◆ **Given records**
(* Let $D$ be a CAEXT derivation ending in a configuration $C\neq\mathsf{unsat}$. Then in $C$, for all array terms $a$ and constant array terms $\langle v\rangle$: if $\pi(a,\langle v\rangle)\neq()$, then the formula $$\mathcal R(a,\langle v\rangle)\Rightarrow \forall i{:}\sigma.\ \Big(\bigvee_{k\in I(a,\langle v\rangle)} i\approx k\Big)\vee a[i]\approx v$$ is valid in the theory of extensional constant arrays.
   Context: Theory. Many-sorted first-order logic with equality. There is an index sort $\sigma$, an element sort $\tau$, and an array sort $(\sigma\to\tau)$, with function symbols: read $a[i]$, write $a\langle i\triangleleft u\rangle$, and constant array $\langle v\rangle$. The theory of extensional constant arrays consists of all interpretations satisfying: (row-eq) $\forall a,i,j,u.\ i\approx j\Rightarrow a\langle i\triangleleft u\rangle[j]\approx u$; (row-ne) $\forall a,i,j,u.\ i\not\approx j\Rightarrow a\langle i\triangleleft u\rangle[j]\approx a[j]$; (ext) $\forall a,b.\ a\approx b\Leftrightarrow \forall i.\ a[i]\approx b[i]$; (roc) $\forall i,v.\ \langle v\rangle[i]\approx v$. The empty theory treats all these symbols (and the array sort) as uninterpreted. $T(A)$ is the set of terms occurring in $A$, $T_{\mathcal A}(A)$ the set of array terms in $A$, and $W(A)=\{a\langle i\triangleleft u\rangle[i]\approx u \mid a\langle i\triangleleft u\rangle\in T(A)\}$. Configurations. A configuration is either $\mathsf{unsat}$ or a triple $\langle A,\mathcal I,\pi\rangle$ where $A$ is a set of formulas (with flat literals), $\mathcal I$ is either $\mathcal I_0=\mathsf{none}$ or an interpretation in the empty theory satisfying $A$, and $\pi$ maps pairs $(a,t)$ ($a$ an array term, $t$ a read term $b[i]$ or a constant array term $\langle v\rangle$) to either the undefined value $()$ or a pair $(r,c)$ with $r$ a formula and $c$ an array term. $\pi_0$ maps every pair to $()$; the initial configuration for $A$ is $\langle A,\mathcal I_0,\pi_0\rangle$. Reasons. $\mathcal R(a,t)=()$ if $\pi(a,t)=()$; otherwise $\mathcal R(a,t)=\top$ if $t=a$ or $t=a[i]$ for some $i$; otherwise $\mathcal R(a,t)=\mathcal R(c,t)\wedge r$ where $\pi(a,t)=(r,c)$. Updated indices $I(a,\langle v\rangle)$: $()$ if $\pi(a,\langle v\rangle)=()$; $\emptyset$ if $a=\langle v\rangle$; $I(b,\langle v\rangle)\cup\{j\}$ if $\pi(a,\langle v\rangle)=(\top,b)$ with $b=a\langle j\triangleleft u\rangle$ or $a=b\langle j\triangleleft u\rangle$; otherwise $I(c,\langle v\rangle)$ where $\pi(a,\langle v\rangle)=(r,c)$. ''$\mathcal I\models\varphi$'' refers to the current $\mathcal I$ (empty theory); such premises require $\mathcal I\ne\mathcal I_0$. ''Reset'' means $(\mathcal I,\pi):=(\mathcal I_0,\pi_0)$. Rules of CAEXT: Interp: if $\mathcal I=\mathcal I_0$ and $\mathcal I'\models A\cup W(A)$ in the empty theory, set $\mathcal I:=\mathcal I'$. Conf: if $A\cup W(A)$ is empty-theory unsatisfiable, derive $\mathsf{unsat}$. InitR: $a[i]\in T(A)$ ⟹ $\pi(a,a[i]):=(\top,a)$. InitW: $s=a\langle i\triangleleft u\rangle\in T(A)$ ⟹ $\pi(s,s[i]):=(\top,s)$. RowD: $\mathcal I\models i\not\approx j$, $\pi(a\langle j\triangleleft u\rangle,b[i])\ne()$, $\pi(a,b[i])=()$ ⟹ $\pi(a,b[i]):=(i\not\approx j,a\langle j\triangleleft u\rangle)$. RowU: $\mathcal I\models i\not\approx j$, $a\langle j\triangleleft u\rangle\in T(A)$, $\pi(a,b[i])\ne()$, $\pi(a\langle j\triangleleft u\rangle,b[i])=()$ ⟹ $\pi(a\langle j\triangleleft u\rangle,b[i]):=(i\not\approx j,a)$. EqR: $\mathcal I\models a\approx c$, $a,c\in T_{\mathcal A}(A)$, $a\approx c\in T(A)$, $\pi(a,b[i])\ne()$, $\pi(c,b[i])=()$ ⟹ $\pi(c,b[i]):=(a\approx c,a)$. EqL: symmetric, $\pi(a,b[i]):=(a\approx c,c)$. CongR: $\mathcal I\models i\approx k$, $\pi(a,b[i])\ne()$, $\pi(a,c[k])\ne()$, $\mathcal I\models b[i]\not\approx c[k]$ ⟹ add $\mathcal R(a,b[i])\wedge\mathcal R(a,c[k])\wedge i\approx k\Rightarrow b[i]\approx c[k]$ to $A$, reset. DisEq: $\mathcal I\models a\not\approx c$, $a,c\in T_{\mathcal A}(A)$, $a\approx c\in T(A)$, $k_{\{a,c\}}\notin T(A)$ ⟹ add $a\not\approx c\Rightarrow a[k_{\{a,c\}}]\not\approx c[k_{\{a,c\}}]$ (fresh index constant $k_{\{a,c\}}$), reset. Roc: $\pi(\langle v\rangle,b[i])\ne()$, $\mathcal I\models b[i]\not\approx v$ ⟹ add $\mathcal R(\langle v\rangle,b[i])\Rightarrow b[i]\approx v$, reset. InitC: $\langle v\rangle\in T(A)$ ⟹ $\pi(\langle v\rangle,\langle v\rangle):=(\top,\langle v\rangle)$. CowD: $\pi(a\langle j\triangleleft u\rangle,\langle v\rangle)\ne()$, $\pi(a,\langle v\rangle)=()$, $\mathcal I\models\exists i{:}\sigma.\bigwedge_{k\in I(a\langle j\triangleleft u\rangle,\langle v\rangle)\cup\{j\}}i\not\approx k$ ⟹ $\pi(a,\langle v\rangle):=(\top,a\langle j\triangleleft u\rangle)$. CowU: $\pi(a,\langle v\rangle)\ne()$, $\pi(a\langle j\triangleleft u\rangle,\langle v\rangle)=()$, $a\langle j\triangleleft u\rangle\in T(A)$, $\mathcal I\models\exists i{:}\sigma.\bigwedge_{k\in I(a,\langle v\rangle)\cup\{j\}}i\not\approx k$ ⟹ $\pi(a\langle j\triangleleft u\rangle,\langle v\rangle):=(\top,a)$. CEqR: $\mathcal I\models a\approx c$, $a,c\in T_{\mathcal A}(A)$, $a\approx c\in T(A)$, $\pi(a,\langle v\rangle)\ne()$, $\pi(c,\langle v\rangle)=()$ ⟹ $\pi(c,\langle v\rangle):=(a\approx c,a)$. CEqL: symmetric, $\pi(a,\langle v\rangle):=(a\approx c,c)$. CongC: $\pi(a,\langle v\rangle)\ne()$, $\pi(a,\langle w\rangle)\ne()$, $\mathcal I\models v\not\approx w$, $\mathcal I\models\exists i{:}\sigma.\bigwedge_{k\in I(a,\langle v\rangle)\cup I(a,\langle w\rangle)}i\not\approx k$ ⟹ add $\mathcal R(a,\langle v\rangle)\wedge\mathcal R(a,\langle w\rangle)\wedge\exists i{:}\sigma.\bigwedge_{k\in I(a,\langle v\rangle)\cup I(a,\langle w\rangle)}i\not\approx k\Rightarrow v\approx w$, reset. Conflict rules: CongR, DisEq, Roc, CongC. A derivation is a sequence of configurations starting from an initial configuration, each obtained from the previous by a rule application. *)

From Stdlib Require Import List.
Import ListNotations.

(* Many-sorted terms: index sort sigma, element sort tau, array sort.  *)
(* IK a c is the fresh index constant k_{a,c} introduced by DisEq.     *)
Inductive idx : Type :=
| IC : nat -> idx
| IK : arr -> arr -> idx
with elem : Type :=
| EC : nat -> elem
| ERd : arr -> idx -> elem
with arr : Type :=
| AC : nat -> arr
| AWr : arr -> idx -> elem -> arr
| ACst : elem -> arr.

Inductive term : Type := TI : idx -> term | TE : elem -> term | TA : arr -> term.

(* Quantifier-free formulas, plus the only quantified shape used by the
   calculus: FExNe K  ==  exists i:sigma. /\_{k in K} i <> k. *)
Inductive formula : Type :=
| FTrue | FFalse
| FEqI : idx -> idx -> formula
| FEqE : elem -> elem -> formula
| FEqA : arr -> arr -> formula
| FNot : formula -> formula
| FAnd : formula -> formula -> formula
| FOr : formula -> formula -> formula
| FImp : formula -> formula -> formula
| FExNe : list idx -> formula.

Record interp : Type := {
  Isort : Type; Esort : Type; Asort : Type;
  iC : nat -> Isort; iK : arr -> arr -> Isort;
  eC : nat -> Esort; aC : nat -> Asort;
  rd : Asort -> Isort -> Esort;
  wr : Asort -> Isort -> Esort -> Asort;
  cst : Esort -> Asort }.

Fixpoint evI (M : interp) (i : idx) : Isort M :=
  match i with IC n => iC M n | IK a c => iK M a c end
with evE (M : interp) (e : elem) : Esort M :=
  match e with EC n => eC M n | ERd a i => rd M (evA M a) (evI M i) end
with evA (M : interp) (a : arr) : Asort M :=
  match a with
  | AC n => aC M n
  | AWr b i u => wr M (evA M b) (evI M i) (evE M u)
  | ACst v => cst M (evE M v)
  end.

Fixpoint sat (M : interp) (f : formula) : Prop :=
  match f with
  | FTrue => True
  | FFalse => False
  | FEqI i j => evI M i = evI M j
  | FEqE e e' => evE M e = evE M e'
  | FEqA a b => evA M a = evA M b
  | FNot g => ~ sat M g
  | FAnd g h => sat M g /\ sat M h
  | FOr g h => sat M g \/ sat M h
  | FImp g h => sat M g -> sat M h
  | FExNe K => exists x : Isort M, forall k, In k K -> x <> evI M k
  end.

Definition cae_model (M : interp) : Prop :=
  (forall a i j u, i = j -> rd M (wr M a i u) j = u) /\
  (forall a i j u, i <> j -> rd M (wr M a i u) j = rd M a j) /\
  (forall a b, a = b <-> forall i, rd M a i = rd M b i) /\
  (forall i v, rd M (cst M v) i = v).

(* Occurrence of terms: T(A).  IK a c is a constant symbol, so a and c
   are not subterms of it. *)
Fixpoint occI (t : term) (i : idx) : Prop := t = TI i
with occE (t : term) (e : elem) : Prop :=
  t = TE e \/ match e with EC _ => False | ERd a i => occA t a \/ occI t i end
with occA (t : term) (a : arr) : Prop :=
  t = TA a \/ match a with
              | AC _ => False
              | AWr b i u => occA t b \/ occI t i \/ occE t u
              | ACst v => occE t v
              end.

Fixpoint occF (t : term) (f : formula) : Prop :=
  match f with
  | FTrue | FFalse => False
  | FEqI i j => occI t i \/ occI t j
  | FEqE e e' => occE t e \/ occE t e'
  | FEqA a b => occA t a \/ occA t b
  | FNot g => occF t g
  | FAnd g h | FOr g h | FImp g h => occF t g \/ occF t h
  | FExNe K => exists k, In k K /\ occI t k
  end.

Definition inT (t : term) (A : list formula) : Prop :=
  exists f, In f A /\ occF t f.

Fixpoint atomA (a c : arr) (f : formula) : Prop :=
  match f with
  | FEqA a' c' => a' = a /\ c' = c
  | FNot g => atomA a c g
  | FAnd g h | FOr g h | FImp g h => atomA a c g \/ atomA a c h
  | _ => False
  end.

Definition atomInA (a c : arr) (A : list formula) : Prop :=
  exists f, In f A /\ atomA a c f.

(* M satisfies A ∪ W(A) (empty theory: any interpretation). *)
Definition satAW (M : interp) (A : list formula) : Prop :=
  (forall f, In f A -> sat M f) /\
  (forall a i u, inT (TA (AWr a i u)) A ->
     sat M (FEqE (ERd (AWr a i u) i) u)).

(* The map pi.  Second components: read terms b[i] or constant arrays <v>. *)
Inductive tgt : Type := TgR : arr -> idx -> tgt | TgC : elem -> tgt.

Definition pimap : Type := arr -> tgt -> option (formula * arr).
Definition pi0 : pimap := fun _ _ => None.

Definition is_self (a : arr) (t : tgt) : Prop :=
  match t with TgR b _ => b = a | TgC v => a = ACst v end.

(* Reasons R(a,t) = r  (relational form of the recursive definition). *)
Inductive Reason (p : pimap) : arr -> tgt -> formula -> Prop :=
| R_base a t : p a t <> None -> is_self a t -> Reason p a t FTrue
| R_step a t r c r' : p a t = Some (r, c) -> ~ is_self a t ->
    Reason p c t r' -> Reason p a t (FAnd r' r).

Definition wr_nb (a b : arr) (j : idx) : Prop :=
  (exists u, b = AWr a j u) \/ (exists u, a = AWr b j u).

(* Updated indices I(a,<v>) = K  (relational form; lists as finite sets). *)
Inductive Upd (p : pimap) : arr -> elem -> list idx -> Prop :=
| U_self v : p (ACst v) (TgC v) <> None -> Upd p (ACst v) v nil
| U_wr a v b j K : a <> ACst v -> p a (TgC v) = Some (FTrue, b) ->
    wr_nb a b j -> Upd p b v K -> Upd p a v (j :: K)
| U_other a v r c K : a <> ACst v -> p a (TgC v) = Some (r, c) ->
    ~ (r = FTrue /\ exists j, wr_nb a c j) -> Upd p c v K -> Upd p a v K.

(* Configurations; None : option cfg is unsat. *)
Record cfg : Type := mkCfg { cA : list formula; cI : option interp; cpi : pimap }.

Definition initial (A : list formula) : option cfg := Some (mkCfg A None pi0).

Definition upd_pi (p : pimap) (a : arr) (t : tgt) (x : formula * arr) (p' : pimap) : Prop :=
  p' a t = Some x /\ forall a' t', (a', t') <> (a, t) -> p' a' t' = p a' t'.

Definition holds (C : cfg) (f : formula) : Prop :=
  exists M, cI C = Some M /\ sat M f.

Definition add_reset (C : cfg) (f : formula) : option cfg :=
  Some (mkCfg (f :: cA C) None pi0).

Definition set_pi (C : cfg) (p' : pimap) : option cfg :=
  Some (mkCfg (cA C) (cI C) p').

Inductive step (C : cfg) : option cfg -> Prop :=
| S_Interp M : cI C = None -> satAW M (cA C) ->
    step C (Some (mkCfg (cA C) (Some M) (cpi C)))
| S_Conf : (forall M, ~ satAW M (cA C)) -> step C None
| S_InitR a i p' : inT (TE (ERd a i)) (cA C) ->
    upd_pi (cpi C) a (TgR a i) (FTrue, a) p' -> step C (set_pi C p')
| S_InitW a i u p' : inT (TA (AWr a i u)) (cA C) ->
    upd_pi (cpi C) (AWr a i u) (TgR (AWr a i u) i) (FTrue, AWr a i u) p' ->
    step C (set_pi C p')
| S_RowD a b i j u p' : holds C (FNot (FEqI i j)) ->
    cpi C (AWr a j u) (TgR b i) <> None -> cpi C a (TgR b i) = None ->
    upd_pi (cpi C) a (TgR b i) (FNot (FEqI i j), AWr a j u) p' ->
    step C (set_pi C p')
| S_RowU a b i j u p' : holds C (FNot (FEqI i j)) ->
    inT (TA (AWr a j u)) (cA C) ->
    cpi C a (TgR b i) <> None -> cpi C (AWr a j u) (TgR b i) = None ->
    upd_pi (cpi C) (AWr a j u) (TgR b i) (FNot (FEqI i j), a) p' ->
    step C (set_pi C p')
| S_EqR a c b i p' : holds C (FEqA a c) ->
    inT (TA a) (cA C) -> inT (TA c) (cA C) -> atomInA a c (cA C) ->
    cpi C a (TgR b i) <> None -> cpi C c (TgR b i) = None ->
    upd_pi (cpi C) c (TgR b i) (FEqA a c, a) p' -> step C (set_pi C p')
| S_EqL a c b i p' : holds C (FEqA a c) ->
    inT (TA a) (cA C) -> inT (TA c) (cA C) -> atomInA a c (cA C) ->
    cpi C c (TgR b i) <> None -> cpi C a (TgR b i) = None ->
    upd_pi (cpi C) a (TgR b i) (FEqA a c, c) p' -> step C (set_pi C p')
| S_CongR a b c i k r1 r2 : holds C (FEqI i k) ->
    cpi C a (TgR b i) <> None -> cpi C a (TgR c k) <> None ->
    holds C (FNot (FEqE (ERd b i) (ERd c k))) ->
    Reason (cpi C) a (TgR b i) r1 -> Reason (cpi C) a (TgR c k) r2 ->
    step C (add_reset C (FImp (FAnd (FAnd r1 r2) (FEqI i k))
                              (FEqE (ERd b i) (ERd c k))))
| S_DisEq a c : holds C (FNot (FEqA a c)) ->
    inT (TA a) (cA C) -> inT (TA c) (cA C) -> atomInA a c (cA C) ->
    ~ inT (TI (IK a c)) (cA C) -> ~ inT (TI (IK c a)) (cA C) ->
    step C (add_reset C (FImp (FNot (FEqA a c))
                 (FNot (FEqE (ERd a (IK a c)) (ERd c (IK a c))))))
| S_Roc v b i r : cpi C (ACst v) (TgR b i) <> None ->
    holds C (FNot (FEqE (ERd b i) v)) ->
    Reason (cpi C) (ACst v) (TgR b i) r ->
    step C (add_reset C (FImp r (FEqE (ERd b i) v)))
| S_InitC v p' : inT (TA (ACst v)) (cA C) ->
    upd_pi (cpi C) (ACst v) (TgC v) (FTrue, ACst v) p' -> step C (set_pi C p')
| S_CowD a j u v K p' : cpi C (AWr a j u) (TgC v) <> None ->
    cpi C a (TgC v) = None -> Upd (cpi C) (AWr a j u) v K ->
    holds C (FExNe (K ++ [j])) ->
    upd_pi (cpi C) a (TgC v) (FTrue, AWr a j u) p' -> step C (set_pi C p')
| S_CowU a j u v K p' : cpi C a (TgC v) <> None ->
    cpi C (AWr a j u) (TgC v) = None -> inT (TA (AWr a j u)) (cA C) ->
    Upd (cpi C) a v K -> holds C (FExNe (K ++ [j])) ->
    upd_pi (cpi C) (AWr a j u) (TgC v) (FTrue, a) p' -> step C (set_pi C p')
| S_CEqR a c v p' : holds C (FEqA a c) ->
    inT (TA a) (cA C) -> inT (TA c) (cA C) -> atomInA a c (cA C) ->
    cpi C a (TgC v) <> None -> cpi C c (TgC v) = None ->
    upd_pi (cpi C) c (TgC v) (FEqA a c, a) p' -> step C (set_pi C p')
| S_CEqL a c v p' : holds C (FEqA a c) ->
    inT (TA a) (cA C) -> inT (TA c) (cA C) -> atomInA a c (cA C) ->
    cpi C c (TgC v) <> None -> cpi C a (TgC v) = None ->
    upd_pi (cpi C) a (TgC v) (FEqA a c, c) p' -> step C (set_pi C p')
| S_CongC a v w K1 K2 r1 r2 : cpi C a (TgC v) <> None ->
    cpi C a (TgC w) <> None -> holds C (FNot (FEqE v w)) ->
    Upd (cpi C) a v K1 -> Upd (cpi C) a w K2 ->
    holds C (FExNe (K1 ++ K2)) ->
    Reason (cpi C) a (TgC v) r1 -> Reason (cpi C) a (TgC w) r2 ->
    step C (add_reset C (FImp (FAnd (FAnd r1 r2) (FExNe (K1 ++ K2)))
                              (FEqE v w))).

...

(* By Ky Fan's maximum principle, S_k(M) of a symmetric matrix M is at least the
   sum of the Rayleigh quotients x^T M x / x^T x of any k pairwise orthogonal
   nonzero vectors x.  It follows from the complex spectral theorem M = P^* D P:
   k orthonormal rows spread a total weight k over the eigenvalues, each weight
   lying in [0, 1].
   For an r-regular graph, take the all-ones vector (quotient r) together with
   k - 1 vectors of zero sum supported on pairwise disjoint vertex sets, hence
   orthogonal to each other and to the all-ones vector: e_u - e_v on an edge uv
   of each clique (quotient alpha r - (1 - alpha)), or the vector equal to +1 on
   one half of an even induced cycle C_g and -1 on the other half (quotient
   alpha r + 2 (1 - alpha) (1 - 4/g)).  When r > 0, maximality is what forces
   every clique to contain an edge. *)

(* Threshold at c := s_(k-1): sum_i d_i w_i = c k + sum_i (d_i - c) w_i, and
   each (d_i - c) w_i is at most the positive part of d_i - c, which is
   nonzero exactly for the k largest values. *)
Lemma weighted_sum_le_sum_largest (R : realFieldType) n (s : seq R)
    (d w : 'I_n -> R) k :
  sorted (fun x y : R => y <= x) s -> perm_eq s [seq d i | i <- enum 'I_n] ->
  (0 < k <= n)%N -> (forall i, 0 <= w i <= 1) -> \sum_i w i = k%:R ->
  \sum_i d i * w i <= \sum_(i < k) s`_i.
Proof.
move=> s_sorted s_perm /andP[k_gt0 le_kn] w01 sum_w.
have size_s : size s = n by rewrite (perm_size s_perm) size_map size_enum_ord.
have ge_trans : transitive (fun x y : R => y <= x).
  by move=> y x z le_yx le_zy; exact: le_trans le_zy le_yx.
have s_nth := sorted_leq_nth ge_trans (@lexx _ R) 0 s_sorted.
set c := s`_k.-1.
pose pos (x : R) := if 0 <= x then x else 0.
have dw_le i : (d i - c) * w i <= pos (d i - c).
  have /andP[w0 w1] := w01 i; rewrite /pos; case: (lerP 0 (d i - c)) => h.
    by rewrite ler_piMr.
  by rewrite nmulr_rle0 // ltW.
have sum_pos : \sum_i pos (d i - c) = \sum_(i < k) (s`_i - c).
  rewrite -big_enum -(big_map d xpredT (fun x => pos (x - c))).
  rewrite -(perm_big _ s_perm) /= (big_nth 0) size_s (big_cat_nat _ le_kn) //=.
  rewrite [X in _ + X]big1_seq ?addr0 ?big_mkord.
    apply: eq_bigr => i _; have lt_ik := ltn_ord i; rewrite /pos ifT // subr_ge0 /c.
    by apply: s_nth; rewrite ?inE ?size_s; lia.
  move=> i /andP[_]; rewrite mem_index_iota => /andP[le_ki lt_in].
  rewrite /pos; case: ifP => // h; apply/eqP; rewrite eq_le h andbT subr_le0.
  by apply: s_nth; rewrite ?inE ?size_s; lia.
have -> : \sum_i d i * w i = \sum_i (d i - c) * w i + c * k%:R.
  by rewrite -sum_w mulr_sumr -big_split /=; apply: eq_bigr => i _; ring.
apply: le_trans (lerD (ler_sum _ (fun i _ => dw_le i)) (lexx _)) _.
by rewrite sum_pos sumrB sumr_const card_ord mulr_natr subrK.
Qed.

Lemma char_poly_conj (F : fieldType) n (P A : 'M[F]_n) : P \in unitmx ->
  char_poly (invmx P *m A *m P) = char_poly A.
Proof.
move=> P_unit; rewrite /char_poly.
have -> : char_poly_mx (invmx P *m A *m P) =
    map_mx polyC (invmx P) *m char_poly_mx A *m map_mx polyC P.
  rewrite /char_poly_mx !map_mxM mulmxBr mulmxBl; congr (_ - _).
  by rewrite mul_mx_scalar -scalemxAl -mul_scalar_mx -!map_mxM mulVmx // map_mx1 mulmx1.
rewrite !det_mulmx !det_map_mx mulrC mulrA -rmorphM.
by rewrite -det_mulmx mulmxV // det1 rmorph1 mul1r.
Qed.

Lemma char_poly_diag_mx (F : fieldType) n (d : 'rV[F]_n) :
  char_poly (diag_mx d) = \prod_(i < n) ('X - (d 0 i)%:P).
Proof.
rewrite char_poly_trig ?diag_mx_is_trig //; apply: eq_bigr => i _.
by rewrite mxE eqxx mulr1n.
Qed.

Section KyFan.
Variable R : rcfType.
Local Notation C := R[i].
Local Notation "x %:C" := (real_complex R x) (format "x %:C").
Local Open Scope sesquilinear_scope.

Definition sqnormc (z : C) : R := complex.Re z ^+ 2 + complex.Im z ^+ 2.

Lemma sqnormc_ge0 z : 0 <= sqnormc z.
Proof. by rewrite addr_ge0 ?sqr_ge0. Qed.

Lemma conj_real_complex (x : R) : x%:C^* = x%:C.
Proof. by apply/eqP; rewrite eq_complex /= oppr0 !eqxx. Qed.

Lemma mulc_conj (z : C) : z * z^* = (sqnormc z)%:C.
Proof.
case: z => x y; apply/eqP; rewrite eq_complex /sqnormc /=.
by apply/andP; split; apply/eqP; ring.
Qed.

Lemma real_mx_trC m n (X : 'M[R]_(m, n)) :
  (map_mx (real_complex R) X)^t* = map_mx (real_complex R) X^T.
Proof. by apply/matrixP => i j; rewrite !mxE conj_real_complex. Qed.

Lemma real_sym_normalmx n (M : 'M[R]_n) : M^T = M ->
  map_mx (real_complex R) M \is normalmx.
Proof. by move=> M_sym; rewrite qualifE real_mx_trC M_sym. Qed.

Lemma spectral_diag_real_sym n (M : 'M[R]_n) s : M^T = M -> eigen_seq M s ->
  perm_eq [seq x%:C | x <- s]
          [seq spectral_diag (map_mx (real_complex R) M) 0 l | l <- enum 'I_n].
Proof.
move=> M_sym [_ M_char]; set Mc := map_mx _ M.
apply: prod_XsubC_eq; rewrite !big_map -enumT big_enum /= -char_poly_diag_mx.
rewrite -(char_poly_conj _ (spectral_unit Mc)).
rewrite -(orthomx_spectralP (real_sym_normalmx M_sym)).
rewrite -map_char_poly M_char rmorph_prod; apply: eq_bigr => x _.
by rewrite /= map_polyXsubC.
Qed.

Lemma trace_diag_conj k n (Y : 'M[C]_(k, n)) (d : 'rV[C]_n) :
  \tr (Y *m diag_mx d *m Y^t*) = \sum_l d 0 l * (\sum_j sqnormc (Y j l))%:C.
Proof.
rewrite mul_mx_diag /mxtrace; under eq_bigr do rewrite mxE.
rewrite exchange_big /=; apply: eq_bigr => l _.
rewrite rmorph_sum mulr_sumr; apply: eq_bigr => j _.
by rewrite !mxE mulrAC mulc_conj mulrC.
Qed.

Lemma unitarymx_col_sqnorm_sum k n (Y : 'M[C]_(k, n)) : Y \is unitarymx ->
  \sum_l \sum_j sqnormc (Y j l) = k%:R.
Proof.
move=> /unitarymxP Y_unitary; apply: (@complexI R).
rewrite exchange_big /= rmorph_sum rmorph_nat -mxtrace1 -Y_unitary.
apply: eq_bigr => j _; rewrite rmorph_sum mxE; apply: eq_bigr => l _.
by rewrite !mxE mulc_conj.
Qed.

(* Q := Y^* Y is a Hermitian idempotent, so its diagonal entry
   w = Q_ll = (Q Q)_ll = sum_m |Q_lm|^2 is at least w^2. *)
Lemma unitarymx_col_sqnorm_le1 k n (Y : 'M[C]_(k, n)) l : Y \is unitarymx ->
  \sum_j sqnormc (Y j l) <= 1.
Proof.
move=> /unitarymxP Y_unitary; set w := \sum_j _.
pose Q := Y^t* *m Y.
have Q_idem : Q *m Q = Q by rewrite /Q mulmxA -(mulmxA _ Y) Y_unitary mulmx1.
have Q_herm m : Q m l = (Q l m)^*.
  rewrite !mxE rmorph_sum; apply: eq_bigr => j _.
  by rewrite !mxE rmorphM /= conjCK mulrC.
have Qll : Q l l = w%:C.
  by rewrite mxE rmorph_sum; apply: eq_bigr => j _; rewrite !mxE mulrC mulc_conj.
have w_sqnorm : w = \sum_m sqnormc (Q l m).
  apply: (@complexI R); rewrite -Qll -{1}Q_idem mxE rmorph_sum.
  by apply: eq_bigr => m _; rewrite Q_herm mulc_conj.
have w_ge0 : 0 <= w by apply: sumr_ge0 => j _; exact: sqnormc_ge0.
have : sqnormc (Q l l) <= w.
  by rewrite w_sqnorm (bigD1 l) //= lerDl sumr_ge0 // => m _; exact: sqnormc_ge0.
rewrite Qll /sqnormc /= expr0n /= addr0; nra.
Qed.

◆ **What you have to do**
Lines containing the word "Import" must be found in the data above and copied.

◆ **Solution for this exercise**
From Stdlib Require Import List.
Import ListNotations.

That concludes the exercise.